One way to build infrastructure quickly and put pricing pressure on city fees is to encourage the construction of 5G and other wireless infrastructure on private property, such as backyards, balconies, and grain silos. Localities could make new antenna installations on private property expensive because the law is unclear about what rights property owners have. The FCC and state governments have authority to prevent most municipal interference with and fees on antenna installations on private property, but the FCC could use additional congressional permission and encouragement. State lawmakers can also protect homeowners from any unnecessary local regulations on antenna installation.

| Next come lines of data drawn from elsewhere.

Lemma lam_erlang_int_le lam beta B M : 1 <= lam -> 0 <= beta <= B -> 4 * (B + 1) <= sqrt lam ->
  4 * (B + 1) <= M ->
  lam * erlang_int lam beta <=
  exp (erlang_error (sqrt lam) B M) * (1 + beta * mills_int beta M) + (M + 1) * exp (- M).
Proof.
  intros Hl Hb Hs HM.
  set (P := exp (erlang_error (sqrt lam) B M) * (1 + beta * mills_int beta M)
            + (M + 1) * exp (- M)).
  destruct (erlang_int_sup lam beta Hl (proj1 Hb)) as [_ Hinf].
  destruct (sqrt_ge1 lam Hl) as [Hs2 Hs1].
  enough (erlang_int lam beta <= P / lam).
  { apply (Rmult_le_compat_l lam) in H; [|lra].
    replace (lam * (P / lam)) with P in H by (field; lra). exact H. }
  apply Hinf. intros b Hb0. apply (Rmult_le_reg_l lam); [lra|].
  replace (lam * (P / lam)) with P by (field; lra).
  rewrite erlang_int_rescale by auto.
  apply (erlang_scaled_int_le _ _ _ beta B M); auto; try lra.
  - unfold servers. lra.
  - apply Rmult_le_pos; lra.
Qed.

Lemma inv_sub_inv_le Y P e : / 2 <= Y -> 1 <= P -> 0 <= e -> P - Y <= e -> / Y - / P <= 2 * e.
Proof.
  intros HY HP He HPY.
  replace (/ Y - / P) with ((P - Y) * / (Y * P)) by (field; lra).
  assert (HYP : / 2 <= Y * P) by nra.
  assert (/ (Y * P) <= 2) by (replace 2 with (/ / 2) by field; apply Rinv_le_contravar; lra).
  pose proof (Rinv_0_lt_compat (Y * P) ltac:(lra)).
  destruct (Rle_lt_dec (P - Y) 0); nra.
Qed.

Lemma erlang_error_nonneg s B M : 0 < s -> 0 <= B -> 0 <= M -> 0 <= erlang_error s B M.
Proof.
  intros. unfold erlang_error. apply Rmult_le_pos; [apply Rmult_le_pos; [lra | apply pow_le; lra]|].
  left. apply Rinv_0_lt_compat. lra.
Qed.

Lemma ub_error_nonneg s B M : 0 < s -> 0 <= B -> 0 <= M -> 0 <= ub_error s B M.
Proof.
  intros. unfold ub_error. pose proof (Rinv_0_lt_compat s H). pose proof (sqrt_pos (B ^ 3 / s)).
  pose proof (exp_pos (B * M)). pose proof (pow_le B 2 H0).
  apply Rplus_le_le_0_compat; [apply Rmult_le_pos; lra|].
  apply Rmult_le_pos; [apply Rplus_le_le_0_compat; apply Rmult_le_pos | apply Rmult_le_pos]; nra.
Qed.

(* Quantitative comparison for beta <= B: both UB and alpha_tilde are within the three
   error terms of 1 / (1 + beta * mills_int beta M). *)
Lemma UB_sub_alpha_tilde_le lam beta B M : 1 <= lam -> 0 <= beta <= B ->
  4 * (B + 1) <= sqrt lam -> 4 * (B + 1) <= M -> ub_error (sqrt lam) B M <= / 2 ->
  UB beta lam - alpha_tilde beta lam <=
  2 * ((exp (erlang_error (sqrt lam) B M) - 1) * (1 + B * (M * exp (B * M)))
       + (M + 1) * exp (- M) + ub_error (sqrt lam) B M).
Proof.
  intros Hl Hb Hs HM Herr.
  pose proof (mills_int_le beta M B ltac:(lra) Hb) as HGle.
  pose proof (mills_int_ge0 beta M ltac:(lra)) as HG0.
  set (A := 1 + beta * mills_int beta M).
  assert (HA : 1 <= A <= 1 + B * (M * exp (B * M)))
    by (unfold A; split; [nra | apply Rplus_le_compat_l, Rmult_le_compat; lra]).
  set (eta := erlang_error (sqrt lam) B M).
  assert (Heta : 0 <= eta) by (apply erlang_error_nonneg; lra).
  pose proof (ub_error_nonneg (sqrt lam) B M ltac:(lra) ltac:(lra) ltac:(lra)).
  assert (Hee : 1 <= exp eta) by (rewrite <- exp_0; apply exp_le_mono; lra).
  set (tau := (M + 1) * exp (- M)).
  assert (Htau : 0 <= tau) by (apply Rmult_le_pos; [lra | left; apply exp_pos]).
  set (P := exp eta * A + tau).
  assert (HP1 : 1 <= P) by (unfold P; nra).
  pose proof (alpha_tilde_ge_inv lam beta P Hl (proj1 Hb)
                (lam_erlang_int_le lam beta B M Hl Hb Hs HM) HP1) as Halpha.
  destruct (UB_le_mills lam beta M ltac:(lra) (proj1 Hb) ltac:(lra)) as [_ HUB].
  pose proof (UB_denominator_ge lam beta M B Hl Hb ltac:(lra) ltac:(lra)) as HY.
  set (Y := lam / servers lam beta + ub_gamma lam beta * mills_int (ub_a lam beta) M) in *.
  fold A in HY.
  assert (HPY : P - Y <= (exp eta - 1) * (1 + B * (M * exp (B * M))) + tau
                         + ub_error (sqrt lam) B M).
  { unfold P. assert ((exp eta - 1) * A <= (exp eta - 1) * (1 + B * (M * exp (B * M))))
      by (apply Rmult_le_compat_l; lra).
    lra. }
  assert (0 <= (exp eta - 1) * (1 + B * (M * exp (B * M)))) by (apply Rmult_le_pos; lra).
  apply (inv_sub_inv_le Y P) in HPY; lra.
Qed.

Lemma erlang_error_small B M e : 0 <= B -> 0 <= M -> 0 < e ->
  exists S, 0 < S /\ forall s, S <= s -> erlang_error s B M <= e.
Proof.
  intros HB HM He. set (k := (1 + B) * M ^ 3 / 3).
  assert (Hk : 0 <= k)
    by (unfold k; apply Rmult_le_pos; [apply Rmult_le_pos; [lra | apply pow_le; lra] | lra]).
  exists (Rmax 1 (k / e)). split; [pose proof (Rmax_l 1 (k / e)); lra|].
  intros s Hs. pose proof (Rmax_l 1 (k / e)). pose proof (Rmax_r 1 (k / e)).
  unfold erlang_error. replace ((1 + B) * M ^ 3 / (3 * s)) with (k / s) by (unfold k; field; lra).
  apply div_le_of_div_le; lra.
Qed.

Lemma ub_error_small B M e : 0 <= B -> 0 <= M -> 0 < e ->
  exists S, 0 < S /\ forall s, S <= s -> ub_error s B M <= e.
Proof.
  intros HB HM He. set (Q := M * exp (B * M)).
  assert (HQ : 0 <= Q) by (apply Rmult_le_pos; [lra | left; apply exp_pos]).
  assert (HBMQ : 0 <= B * M * Q) by (apply Rmult_le_pos; [apply Rmult_le_pos|]; lra).
  set (d := e / 3 / (B * M * Q + 1)).
  assert (Hd : 0 < d) by (apply Rdiv_lt_0_compat; lra).
  set (S := Rmax 1 (Rmax (B / (e / 3)) (Rmax (B ^ 2 * Q / (e / 3)) (B ^ 3 / d ^ 2)))).
  assert (HS : 1 <= S /\ B / (e / 3) <= S /\ B ^ 2 * Q / (e / 3) <= S /\ B ^ 3 / d ^ 2 <= S).
  { unfold S. repeat split; repeat (apply Rmax_l || apply Rmax_r ||
      (eapply Rle_trans; [|apply Rmax_r])). }
  exists S. split; [lra|]. intros s Hs.
  assert (H1 : B / s <= e / 3) by (apply div_le_of_div_le; lra).
  assert (H2 : B ^ 2 / s * Q <= e / 3).
  { replace (B ^ 2 / s * Q) with (B ^ 2 * Q / s) by (field; lra).
    apply div_le_of_div_le; try lra. apply Rmult_le_pos; [apply pow_le|]; lra. }
  assert (Hsq : sqrt (B ^ 3 / s) <= d).
  { rewrite <- (sqrt_square d) by lra. apply sqrt_le_1_alt.
    replace (d * d) with (d ^ 2) by ring.
    apply div_le_of_div_le; [apply pow_lt; lra | apply pow_le; lra | lra | lra]. }
  assert (H3 : B * sqrt (B ^ 3 / s) * M * Q <= e / 3).
  { pose proof (sqrt_pos (B ^ 3 / s)).
    apply Rle_trans with (B * M * Q * d).
    - replace (B * sqrt (B ^ 3 / s) * M * Q) with (B * M * Q * sqrt (B ^ 3 / s)) by ring.
      apply Rmult_le_compat_l; lra.
    - unfold d. apply (Rmult_le_reg_r (B * M * Q + 1)); [lra|].
      field_simplify; nra. }
  unfold ub_error. fold Q. nra.
Qed.

Lemma sqrt_ge_of_square_le S x : 0 <= S -> S * S <= x -> S <= sqrt x.
Proof. intros. rewrite <- (sqrt_square S) by lra. apply sqrt_le_1_alt. lra. Qed.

More commercial spectrum. Here and there the FCC is “de-zoning” spectrum so that it can be used for flexible uses (such as 5G) and not be limited to existing uses (such as broadcast or satellite). There’s another source of spectrum: federal agencies. Federal agencies possess about half of the most valuable spectrum in the United States. However, agencies were gifted this spectrum decades ago and don’t always maximize its use. For 20 years, Congress has occasionally required agencies to give unneeded spectrum to the FCC to sell for commercial operation, but that’s getting harder. FCC Commissioner Rosenworcel has proposed allowing commercial operators to privately negotiate with and compensate agencies for use of federal spectrum. I explore that idea in a 2016 law journal article. It’s a good idea that would help fund agencies, reduce government debt, and create commercial wireless services, but agencies need congressional permission to negotiate with private companies.